Hi! Thank you for asking! These are the a couple ones that I use/recommend:
^ This one is rather simple but super efficient; and like it states, there is no sign-up needed and it's completely free! There are tons of different art styles including tattoo designs, manga, and pixel art!
^ There are a couple of limits on this site; you must sign up and if you don't want to pay (like me) you can generate 5 images per day. However, I would definitely consider this one much more complex compared to the preceding recommendation! (You can not only use text-to-image, but there's also image-to-image, pose-to-image, face swapping, and real time AI painter)
^ Not sure if some of you guys know, but Canva actually released an AI art generator! Since it's Canva, I believe you must sign-up, but the first fifty tries are completely free! I used up all my tries a year ago, so things may have changed (but I doubt they have).
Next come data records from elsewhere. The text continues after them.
(* Let $A$ be a finite dimensional Hopf algebra over a field $k$, let $n$ be a positive integer, and let $M$ be a finite dimensional $A$-module for which $M\otimes M^*\simeq M^*\otimes M$ as $A$-modules. Then $M$ is projective if and only if $M^{\otimes n}$ is projective.
   Context: $M^*=\mathrm{Hom}_k(M,k)$ is the dual $A$-module with $(a\cdot f)(m)=f(S(a)m)$, $S$ the antipode; tensor products of $A$-modules are $A$-modules via the coproduct. *)

From HB Require Import structures.
From mathcomp Require Import all_boot all_order all_algebra.
From mathcomp Require Import mxtens.
Set Implicit Arguments. Unset Strict Implicit. Unset Printing Implicit Defensive.
Import Order.TTheory GRing.Theory Num.Theory.
Local Open Scope ring_scope.

(* A finite dimensional Hopf algebra over a field k, given by its structure
   constants with respect to a basis (e_i)_{i < hdim} of A:
     e_i * e_j      = \sum_l hmu i j l e_l
     1              = \sum_l hunit l e_l
     Delta(e_l)     = \sum_{i,j} hdelta l i j e_i (x) e_j
     eps(e_l)       = heps l
     S(e_l)         = \sum_j hS l j e_j                                    *)
Record hopf_data (k : fieldType) := HopfData {
  hdim : nat;
  hmu : 'I_hdim -> 'I_hdim -> 'I_hdim -> k;
  hunit : 'I_hdim -> k;
  hdelta : 'I_hdim -> 'I_hdim -> 'I_hdim -> k;
  heps : 'I_hdim -> k;
  hS : 'I_hdim -> 'I_hdim -> k }.
Arguments hdim {k} h.
Arguments hmu {k} h _ _ _.
Arguments hunit {k} h _.
Arguments hdelta {k} h _ _ _.
Arguments heps {k} h _.
Arguments hS {k} h _ _.

Definition is_hopf (k : fieldType) (H : hopf_data k) : Prop :=
  let mu := hmu H in let u := hunit H in let del := hdelta H in
  let eps := heps H in let S := hS H in
  (forall i j p q, \sum_l mu i j l * mu l p q = \sum_l mu j p l * mu i l q) /\
  (forall j q, \sum_l u l * mu l j q = (j == q)%:R) /\
  (forall j q, \sum_l u l * mu j l q = (j == q)%:R) /\
  (forall l x y z, \sum_i del l i z * del i x y = \sum_j del l x j * del j y z) /\
  (forall l j, \sum_i del l i j * eps i = (l == j)%:R) /\
  (forall l i, \sum_j del l i j * eps j = (l == i)%:R) /\
  (* Delta is an algebra morphism *)
  (forall i j x y, \sum_l mu i j l * del l x y =
     \sum_a \sum_b \sum_c \sum_d del i a b * del j c d * mu a c x * mu b d y) /\
  (forall x y, \sum_l u l * del l x y = u x * u y) /\
  (forall i j, \sum_l mu i j l * eps l = eps i * eps j) /\
  (\sum_l u l * eps l = 1) /\
  (* antipode *)
  (forall l x, \sum_a \sum_b \sum_c del l a b * S a c * mu c b x = eps l * u x) /\
  (forall l x, \sum_a \sum_b \sum_c del l a b * S b c * mu a c x = eps l * u x).

(* A finite dimensional A-module: a space k^mdim (column vectors) with the
   action of each basis element e_i given by the matrix mact i. *)
Record fdmod (k : fieldType) (H : hopf_data k) := FDMod {
  mdim : nat;
  mact : 'I_(hdim H) -> 'M[k]_mdim }.
Arguments mdim {k H} f.
Arguments mact {k H} f _.

Definition is_module (k : fieldType) (H : hopf_data k) (M : fdmod H) : Prop :=
  (forall i j, mact M i *m mact M j = \sum_l hmu H i j l *: mact M l) /\
  (\sum_l hunit H l *: mact M l = 1%:M).

Definition tens (k : fieldType) (H : hopf_data k) (M N : fdmod H) : fdmod H :=
  @FDMod k H (mdim M * mdim N)
    (fun l => \sum_i \sum_j hdelta H l i j *: (mact M i *t mact N j)).

(* Dual module: (a.f)(m) = f(S(a) m); in the dual basis e_l acts by the
   transpose of the matrix of S(e_l). *)
Definition dual (k : fieldType) (H : hopf_data k) (M : fdmod H) : fdmod H :=
  @FDMod k H (mdim M) (fun l => (\sum_j hS H l j *: mact M j)^T).

Definition triv (k : fieldType) (H : hopf_data k) : fdmod H :=
  @FDMod k H 1 (fun l => (heps H l)%:M).

Fixpoint tpow (k : fieldType) (H : hopf_data k) (M : fdmod H) (n : nat) : fdmod H :=
  match n with
  | 0 => triv H
  | 1 => M
  | n'.+1 => tens (tpow M n') M
  end.

Definition is_hom (k : fieldType) (H : hopf_data k) (M N : fdmod H)
  (F : 'M[k]_(mdim N, mdim M)) : Prop :=
  forall i, F *m mact M i = mact N i *m F.

Definition mod_iso (k : fieldType) (H : hopf_data k) (M N : fdmod H) : Prop :=
  exists (F : 'M[k]_(mdim N, mdim M)) (G : 'M[k]_(mdim M, mdim N)),
    [/\ is_hom F, is_hom G, F *m G = 1%:M & G *m F = 1%:M].

(* M is projective: every surjective A-module map onto M splits. *)
Definition projective (k : fieldType) (H : hopf_data k) (M : fdmod H) : Prop :=
  forall (N : fdmod H), is_module N ->
  forall (F : 'M[k]_(mdim M, mdim N)), is_hom F -> \rank F = mdim M ->
  exists G : 'M[k]_(mdim N, mdim M), is_hom G /\ F *m G = 1%:M.

(* A projective [P] is a direct summand of a free module [A (x) k^d], and for any
   module [X] the map [a (x) x |-> a_(1) (x) a_(2) x] is an isomorphism from the free
   module [A (x) k^(dim X)] onto [A (x) X]; hence [P (x) X] is projective, and so is
   every tensor power of a projective [M].
   Conversely, evaluation and coevaluation satisfy the snake identity, which makes [M]
   a direct summand of [M (x) M^* (x) M], isomorphic by hypothesis to [M (x) M (x) M^*].
   So [M^(x n)] is a summand of [M^(x n+1) (x) M^*], projective when [M^(x n+1)] is,
   and a descending induction on [n] concludes. That [M^*] is a module at all rests on
   the antipode being an anti-homomorphism, by uniqueness of convolution inverses. *)

From mathcomp Require Import all_boot all_order all_algebra.
From mathcomp Require Import mxtens ring.
Set Implicit Arguments. Unset Strict Implicit. Unset Printing Implicit Defensive.
Import GRing.Theory.
Local Open Scope ring_scope.

Section TensorMatrix.
Variable k : fieldType.

Lemma tensmxDl m n p q (A1 A2 : 'M[k]_(m, n)) (B : 'M[k]_(p, q)) :
  (A1 + A2) *t B = A1 *t B + A2 *t B.
Proof. by apply/matrixP=> i j; rewrite !mxE mulrDl. Qed.

Lemma tensmxDr m n p q (A : 'M[k]_(m, n)) (B1 B2 : 'M[k]_(p, q)) :
  A *t (B1 + B2) = A *t B1 + A *t B2.
Proof. by apply/matrixP=> i j; rewrite !mxE mulrDr. Qed.

Lemma tensmxZl m n p q a (A : 'M[k]_(m, n)) (B : 'M[k]_(p, q)) :
  (a *: A) *t B = a *: (A *t B).
Proof. by apply/matrixP=> i j; rewrite !mxE mulrA. Qed.

Lemma tensmxZr m n p q a (A : 'M[k]_(m, n)) (B : 'M[k]_(p, q)) :
  A *t (a *: B) = a *: (A *t B).
Proof. by apply/matrixP=> i j; rewrite !mxE mulrCA. Qed.

Lemma tensmx_suml m n p q I (r : seq I) (P : pred I) (F : I -> 'M[k]_(m, n))
    (B : 'M[k]_(p, q)) :
  (\sum_(i <- r | P i) F i) *t B = \sum_(i <- r | P i) F i *t B.
Proof. exact: (big_morph (fun A => A *t B) (fun A1 A2 => tensmxDl A1 A2 B) (tens0mx B)). Qed.

Lemma tensmx_sumr m n p q I (r : seq I) (P : pred I) (A : 'M[k]_(m, n))
    (F : I -> 'M[k]_(p, q)) :
  A *t (\sum_(i <- r | P i) F i) = \sum_(i <- r | P i) A *t F i.
Proof. exact: (big_morph (fun B => A *t B) (tensmxDr A) (tensmx0 A)). Qed.

Lemma tensmx1 m n : (1%:M : 'M[k]_m) *t (1%:M : 'M[k]_n) = 1%:M.
Proof.
apply/matrixP=> i j.
case: (mxtens_indexP i) => i1 i2; case: (mxtens_indexP j) => j1 j2.
rewrite tensmxE !mxE -natrM mulnb; congr (_%:R); congr nat_of_bool.
apply/andP/eqP => [[/eqP-> /eqP->] // | /(congr1 (@mxtens_unindex m n))].
by rewrite !mxtens_indexK => -[-> ->].
Qed.

Lemma cast_mxtens_indexA m1 m2 m3 (i1 : 'I_m1) (i2 : 'I_m2) (i3 : 'I_m3) :
  cast_ord (esym (mulnA m1 m2 m3)) (mxtens_index (mxtens_index (i1, i2), i3))
  = mxtens_index (i1, mxtens_index (i2, i3)).
Proof. by apply: val_inj => /=; rewrite mulnDl -mulnA addnA. Qed.

Lemma tensmxA m1 m2 m3 n1 n2 n3 (A : 'M[k]_(m1, n1)) (B : 'M[k]_(m2, n2))
    (C : 'M[k]_(m3, n3)) :
  (A *t B) *t C = castmx (mulnA m1 m2 m3, mulnA n1 n2 n3) (A *t (B *t C)).
Proof.
apply/matrixP=> i j.
case: (mxtens_indexP i) => i12 i3; case: (mxtens_indexP i12) => i1 i2.
case: (mxtens_indexP j) => j12 j3; case: (mxtens_indexP j12) => j1 j2.
by rewrite castmxE /= !cast_mxtens_indexA !tensmxE mulrA.
Qed.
^ Also no sign-up or pay needed! I haven't experimented with it much, but it seems to run pretty smoothly!
^ Saw this recommended somewhere on social media, but when I attempted to try it, I got told that it was down due to updates and would be back up later. Feel free to check it out! (Says there's no sign-up or pay needed, either).
As of right now, these are all that I got! Please keep in mind that using AI art as a cover should only be utilized online, but other than that, I hope these were what you needed!
Happy writing~
3hks :)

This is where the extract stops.